While joining a stock market index does not impact a company’s business, it sure can create some volatility. Velodyne Lidar (NASDAQ: VLDR) announced today that it will be joining the Russell 2000 Index as part of the index operator’s annual reconstitution of the market barometers that it maintains and licenses.

The Russell 2000 is one of the most widely-followed indexes for small-cap stocks. The change will be effective on June 28.

As of 1 p.m. EDT, Velodyne shares had surged by 22%.

Why stocks jump on index inclusion

Generally speaking, news of prominent index inclusions will drive a stock’s price higher for a couple of reasons. For starters, the announcement can be seen as validation and credibility for the company that is joining an index, as the addition suggests that the stock is important enough to financial markets. 

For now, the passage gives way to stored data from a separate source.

Lemma sum_antidiagonal F n :
  \sum_(0 <= k < n) \sum_(0 <= i < k.+1) F i (k - i)%N =
  \sum_(0 <= i < n) \sum_(0 <= l < n - i) F i l.
Proof.
elim: n => [|n IH]; first by rewrite !big_geq.
rewrite big_nat_recr //= IH [in RHS]big_nat_recr //= subSnn big_nat1.
rewrite [X in _ + X = _]big_nat_recr //= subnn addrA; congr (_ + _).
rewrite -big_split /=; apply: eq_big_nat => i /andP[_ Hi].
by rewrite subSn ?(ltnW Hi) // big_nat_recr.
Qed.

Lemma cauchy_defectE F n :
  \sum_(0 <= i < n) \sum_(0 <= l < n) F i l
    - \sum_(0 <= k < n) \sum_(0 <= i < k.+1) F i (k - i)%N
  = \sum_(0 <= i < n) \sum_(n - i <= l < n) F i l.
Proof.
rewrite sum_antidiagonal -sumrB; apply: eq_bigr => i _.
by rewrite (@big_cat_nat _ _ _ (n - i)) ?leq_subr //= addrAC subrr add0r.
Qed.

(* The defect of the Cauchy product at stage [n] only involves pairs [(i, l)]
   with [n <= i + l], none of which lies in the square [[0, m)^2] when [2m <= n]. *)
Lemma cauchy_defect_le F g n m :
  (forall i, 0 <= g i) -> (forall i l, `|F i l| <= g i * g l) -> (m + m <= n)%N ->
  `| \sum_(0 <= i < n) \sum_(0 <= l < n) F i l
     - \sum_(0 <= k < n) \sum_(0 <= i < k.+1) F i (k - i)%N |
  <= series g n ^+ 2 - series g m ^+ 2.
Proof.
move=> g0 Fg hmn; rewrite cauchy_defectE.
have gg0 i l : 0 <= g i * g l by rewrite mulr_ge0.
have sqr_series k : series g k ^+ 2 = \sum_(0 <= i < k) \sum_(0 <= l < k) g i * g l.
  by rewrite expr2 /series /= big_distrl; apply: eq_bigr => i _; rewrite big_distrr.
have split_sqr : series g n ^+ 2 =
    \sum_(0 <= i < n) \sum_(0 <= l < n - i) g i * g l
  + \sum_(0 <= i < n) \sum_(n - i <= l < n) g i * g l.
  rewrite sqr_series -big_split /=; apply: eq_bigr => i _.
  by rewrite -big_cat_nat ?leq_subr.
have defect_le : `|\sum_(0 <= i < n) \sum_(n - i <= l < n) F i l|
    <= \sum_(0 <= i < n) \sum_(n - i <= l < n) g i * g l.
  apply: (le_trans (ler_norm_sum _ _ _)); apply: ler_sum => i _.
  by apply: (le_trans (ler_norm_sum _ _ _)); apply: ler_sum => l _.
have square_le : series g m ^+ 2 <= \sum_(0 <= i < n) \sum_(0 <= l < n - i) g i * g l.
  have hmn' : (m <= n)%N by apply: leq_trans hmn; exact: leq_addl.
  pose rows k := \sum_(0 <= i < k) \sum_(0 <= l < n - i) g i * g l.
  have rows_nd : nondecreasing_seq rows.
    by apply: nondecreasing_series => i _ _; apply: sumr_ge0.
  rewrite sqr_series; apply: le_trans (rows_nd _ _ hmn').
  rewrite /rows !big_nat; apply: ler_sum => i /andP[_ him].
  apply: nondecreasing_series => [l _ _ //|].
  rewrite leq_subRL ?(leq_trans (ltnW him)) //.
  by apply: leq_trans hmn; rewrite leq_add2r ltnW.
rewrite split_sqr addrAC; apply: le_trans defect_le _.
by rewrite lerDr subr_ge0.
Qed.

Lemma cvg_cauchy_product a b g (la lb : R) :
  (forall n, `|a n| <= g n) -> (forall n, `|b n| <= g n) -> cvgn (series g) ->
  series a @ \oo --> la -> series b @ \oo --> lb ->
  series (fun k => \sum_(0 <= i < k.+1) a i * b (k - i)%N) @ \oo --> la * lb.
Proof.
move=> ag bg cvg_g cvg_a cvg_b.
have g0 n : 0 <= g n by apply: le_trans (ag n).
set G := series g; set P := series (fun k => _).
have G_nd : nondecreasing_seq G by apply: nondecreasing_series.
have G_le n : G n <= limn G by exact: nondecreasing_cvgn_le.
pose defect n := series a n * series b n - P n.
have defect0 : defect @ \oo --> 0.
  apply/cvgrPdist_lt => e e0.
  have /cvgrPdist_lt/(_ e e0) [M _ HM] : (G \* G) @ \oo --> limn G * limn G.
    exact: cvgM.
  exists (M + M)%N => // n /= hn; rewrite sub0r normrN /defect.
  have -> : series a n * series b n = \sum_(0 <= i < n) \sum_(0 <= l < n) a i * b l.
    by rewrite /series /= big_distrl; apply: eq_bigr => i _; rewrite big_distrr.
  apply: le_lt_trans (cauchy_defect_le g0 _ hn) _.
    by move=> i l; rewrite normrM ler_pM.
  apply: le_lt_trans (HM M (leqnn M)); rewrite -!expr2 (le_trans _ (ler_norm _)) //.
  by rewrite lerB // !expr2 ler_pM ?(le_trans (G_le M)) //; apply: sumr_ge0.
have -> : P = series a \* series b - defect by apply/funext => n /=; rewrite subKr.
by rewrite -[la * lb]subr0; apply: cvgB => //; exact: cvgM.
Qed.
End CauchyProduct.

Lemma sum_kronecker_mul (R : pzSemiRingType) d (F : 'I_d -> R) j :
  \sum_k (k == j)%:R * F k = F j.
Proof.
rewrite (bigD1 j) //= eqxx mul1r big1 ?addr0 // => k /negbTE ->.
by rewrite mul0r.
Qed.

Lemma sum_mulmx_col (R : pzSemiRingType) d (A : 'M[R]_d) (x : 'cV[R]_d) :
  \sum_k (A *m x) k 0 = \sum_j (\sum_k A k j) * x j 0.
Proof.
under eq_bigr do rewrite mxE.
by rewrite exchange_big /=; apply: eq_bigr => j _; rewrite big_distrl.
Qed.

Lemma scalar_mxX (R : pzRingType) d (a : R) l : (a%:M : 'M[R]_d) ^+ l = (a ^+ l)%:M.
Proof. by elim: l => [|l IH]; rewrite ?expr0 // !exprS IH scalar_mxM. Qed.

(* [W k j] is the rate of the jump [j -> k]. *)
Section RateMatrix.
Variables (R : realType) (d : nat) (W : 'M[R]_d).
Hypothesis W_ge0 : forall k j, 0 <= W k j.

Definition outrate (k : 'I_d) := \sum_i W i k.
Definition total_rate := \sum_k outrate k.
Definition rate_mx : 'M[R]_d := \matrix_(k, j) (W k j - (k == j)%:R * outrate k).
Definition shifted_rate_mx : 'M[R]_d :=
  \matrix_(k, j) (W k j + (k == j)%:R * (total_rate - outrate k)).

Definition prob_vec (p : 'cV[R]_d) := (forall j, 0 <= p j 0) /\ \sum_j p j 0 = 1.

Lemma outrate_ge0 k : 0 <= outrate k.
Proof. exact: sumr_ge0. Qed.

Lemma outrate_le_total k : outrate k <= total_rate.
Proof.
rewrite /total_rate (bigD1 k) //= lerDl.
by apply: sumr_ge0 => i _; exact: outrate_ge0.
Qed.

Lemma total_rate_ge0 : 0 <= total_rate.
Proof. by apply: sumr_ge0 => k _; exact: outrate_ge0. Qed.

Lemma shifted_rate_mx_ge0 k j : 0 <= shifted_rate_mx k j.
Proof.
rewrite mxE addr_ge0 // mulr_ge0 ?ler0n // subr_ge0; exact: outrate_le_total.
Qed.

Lemma shifted_rate_mx_colsum j : \sum_k shifted_rate_mx k j = total_rate.
Proof.
under eq_bigr do rewrite mxE.
by rewrite big_split /= sum_kronecker_mul -/(outrate j) addrC subrK.
Qed.

Lemma sum_rate_mx_mulmx (x : 'cV[R]_d) : \sum_k (rate_mx *m x) k 0 = 0.
Proof.
rewrite sum_mulmx_col big1 // => j _.
under eq_bigr do rewrite mxE.
by rewrite sumrB sum_kronecker_mul subrr mul0r.
Qed.

Lemma rate_mx_shiftE : rate_mx = shifted_rate_mx + (- total_rate)%:M.
Proof.
apply/matrixP => k j; rewrite !mxE.
by case: (k == j); rewrite ?mulr1n ?mulr0n ?mul1r ?mul0r ?addr0 ?subr0 // addrA addrAC addrK.
Qed.

Lemma shifted_pow_mulmx (p : 'cV[R]_d) l : prob_vec p ->
  (forall j, 0 <= (shifted_rate_mx ^+ l *m p) j 0)
  /\ \sum_j (shifted_rate_mx ^+ l *m p) j 0 = total_rate ^+ l.
Proof.
case=> p0 p1; elim: l => [|l [IH0 IH1]]; first by rewrite expr0 mul1mx.
rewrite exprS -mulmxA; split.
  move=> j; rewrite mxE; apply: sumr_ge0 => k _.
  by rewrite mulr_ge0 ?shifted_rate_mx_ge0.
rewrite sum_mulmx_col.
by under eq_bigr do rewrite shifted_rate_mx_colsum; rewrite -big_distrr /= IH1 exprS.
Qed.

Lemma shifted_pow_mulmx_le (p : 'cV[R]_d) l j : prob_vec p ->
  (shifted_rate_mx ^+ l *m p) j 0 <= total_rate ^+ l.
Proof.
move=> /(shifted_pow_mulmx l) [p0 <-].
by rewrite (bigD1 j) //= lerDl; apply: sumr_ge0.
Qed.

More practically, getting added to a prominent index forces a broad variety of passive investment funds that track the underlying index to buy the shares for their portfolio. Those funds are obligated to invest in whatever is in the index. The more prominent the index, the more pronounced the effect. 

For example, the iShares Russell 2000 ETF (NYSE: IWM) is a massive fund with over $68 billion in net assets under management (AUM). That’s just one fund that tracks the popular small-cap index.

“As the first public pure-play lidar company, our inclusion in the Russell 2000 Index provides another clear demonstration of our global leadership position,” Velodyne CEO Anand Gopalan said in a statement. “We are incredibly proud of what we are achieving as a business, building game-changing products that our customers use to disrupt markets and touch everyday lives in meaningful ways.”

Triggering a short squeeze

It’s worth noting that there are other factors likely amplifying the rally. Velodyne went public last summer by merging with a special purpose acquisition company (SPAC), and investor sentiment towards SPACs has soured in recent months over valuation concerns, the excessive use of lofty forecasts, and regulatory scrutiny.

Furthermore, Velodyne has been embroiled in scandal after ousting founder David Hall and his wife Marta Hall (who served as chief marketing officer) earlier this year after an internal investigation uncovered inappropriate behavior.

David Hall, who remains Velodyne’s majority shareholder, has launched an offensive attack against the company, alleging that the board of directors has “fostered an anti-stockholder culture.” Just days ago, the founder reiterated a call for Chairman of the Board Brad Culkin and CEO Anand Gopalan to step down.

All of the controversy, combined with the backdrop of SPAC pessimism, has led to a stark increase in short interest. As of mid-May, approximately 24% of Velodyne’s float was being held short by bearish investors hoping for the stock to decline. 

Retail traders, many of which congregate on Reddit’s WallStreetBets subreddit, have started to target stocks with high levels of short interest in an effort to create a short squeeze. That occurs when short sellers, who had previously borrowed and sold the stock, frantically buy back shares to close out their positions. Short squeezes can temporarily amplify upward moves, and may be playing a role in Velodyne’s pop.

In a way, a high level of short interest can be interpreted as a coiled spring. All the stock needs is a positive catalyst—such as index inclusion—to set it off.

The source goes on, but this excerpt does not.